Lemma ear_within_path V x mid y u v z : covers V -> strict_ear e V x mid y ->
  f u v -> z \in mid -> z \in P u v -> {subset mid <= P u v}.
Proof.
move=> HV [[_ _ /allP midV] [_ Pm /allP mid2]] fuv zm zP w wm.
have Pmid : path e x mid by move: Pm; rewrite cat_path => /andP[].
have step a b : a \in mid -> b \in mid -> e a b -> a \in P u v -> b \in P u v.
  move=> am bm eab aP; apply: (deg2_nbr_on_path HV fuv aP (midV b bm) eab);
  exact/eqP/mid2.
have inv := path_invariant (Q := fun w => w \in P u v) Pmid.
rewrite -(inv _ z w zm wm) // => a b am bm eab.
by apply/idP/idP; apply: step => //; rewrite se.
Qed.

Hypothesis short_paths : k.+1 < p.

Lemma covers_reduction V V' : p_reduction e p V V' -> covers V -> covers V'.
Proof.
move=> red HV h hsub; have dh := deg_subdivision_vertex HV hsub.
case: red => [x xV dx | x mid y E long_ear].
  by rewrite !inE (HV h hsub) andbT; apply: contraTneq dh => ->; rewrite -leqNgt.
rewrite !inE (HV h hsub) andbT; apply/negP => hm.
have [[_ _ _] [U _ /allP mid2]] := E.
have dh2 : deg_in e V h = 2 by apply/eqP/mid2.
case: hsub => [hB|[u [v [fuv hP]]]]; first by have := deg_branch HV hB; rewrite dh2.
have [_ _ _ Pp _] := sub; have [_ [Psz _ _ _]] := Pp _ _ fuv.
have Umid : uniq mid by move: U; rewrite /= cat_uniq => /andP[_ /andP[]].
have mid_le_k : size mid <= k.
  exact: leq_trans (uniq_leq_size Umid (ear_within_path HV E fuv hm hP)) Psz.
by move: short_paths; rewrite ltnNge (leq_trans long_ear).
Qed.

Lemma not_reduces_to_empty V : reduces_to_empty e p V -> covers V -> B != set0 -> False.
Proof.
elim=> [|V1 V2 red _ IH] HV; last by apply: IH; exact: covers_reduction red HV.
by case/set0Pn => b bB; have := HV b (or_introl bB); rewrite inE.
Qed.

End Covering.

Definition merged_path (T : eqType) (P : T -> T -> seq T) (z a b : T) :=
  P a z ++ z :: P z b.

(* Suppressing the branch vertex z with the two neighbours a and b replaces the
   edges az and zb by a single edge ab, realised by [merged_path P z a b]. *)
Definition smooth_rel (T : eqType) (f : rel T) (z a b : T) : rel T :=
  fun x y => [|| (x, y) == (a, b), (x, y) == (b, a) | [&& f x y, x != z & y != z]].

Definition smooth_paths (T : eqType) (P : T -> T -> seq T) (z a b : T) x y :=
  if (x, y) == (a, b) then merged_path P z a b
  else if (x, y) == (b, a) then rev (merged_path P z a b) else P x y.

Section Smoothing.
Variables (T : finType) (e : rel T) (k : nat).
Variables (B : {set T}) (f : rel T) (P : T -> T -> seq T) (z a b : T).
Hypotheses (se : symmetric e) (sub : subdivision e k B f P) (zB : z \in B)
  (Nz : [set v in B | f z v] = [set a; b]) (ab : a != b).

Local Notation Q := (merged_path P z a b).

Lemma smoothing_nbrs :
  [/\ f a z, f z b, a \in B, b \in B & forall w, f z w -> w \in [set a; b]].
Proof.
have [_ fs fB _ _] := sub.
have : a \in [set v in B | f z v] by rewrite Nz !inE eqxx.
have : b \in [set v in B | f z v] by rewrite Nz !inE eqxx orbT.
rewrite !inE => /andP[bB fzb] /andP[aB fza]; split=> //; first by rewrite fs.
by move=> w fzw; rewrite -Nz inE fzw andbT; apply: (fB w z); rewrite fs.
Qed.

------------------------------------------------

What is needed
Above are the entries. Quote exactly the lines from the one bearing "by apply/idP/idP; apply: step" through the one bearing "exact: leq_trans (uniq_leq_size".

Written response
by apply/idP/idP; apply: step => //; rewrite se.
Qed.

Hypothesis short_paths : k.+1 < p.

Lemma covers_reduction V V' : p_reduction e p V V' -> covers V -> covers V'.
Proof.
move=> red HV h hsub; have dh := deg_subdivision_vertex HV hsub.
case: red => [x xV dx | x mid y E long_ear].
  by rewrite !inE (HV h hsub) andbT; apply: contraTneq dh => ->; rewrite -leqNgt.
rewrite !inE (HV h hsub) andbT; apply/negP => hm.
have [[_ _ _] [U _ /allP mid2]] := E.
have dh2 : deg_in e V h = 2 by apply/eqP/mid2.
case: hsub => [hB|[u [v [fuv hP]]]]; first by have := deg_branch HV hB; rewrite dh2.
have [_ _ _ Pp _] := sub; have [_ [Psz _ _ _]] := Pp _ _ fuv.
have Umid : uniq mid by move: U; rewrite /= cat_uniq => /andP[_ /andP[]].
have mid_le_k : size mid <= k.
  exact: leq_trans (uniq_leq_size Umid (ear_within_path HV E fuv hm hP)) Psz.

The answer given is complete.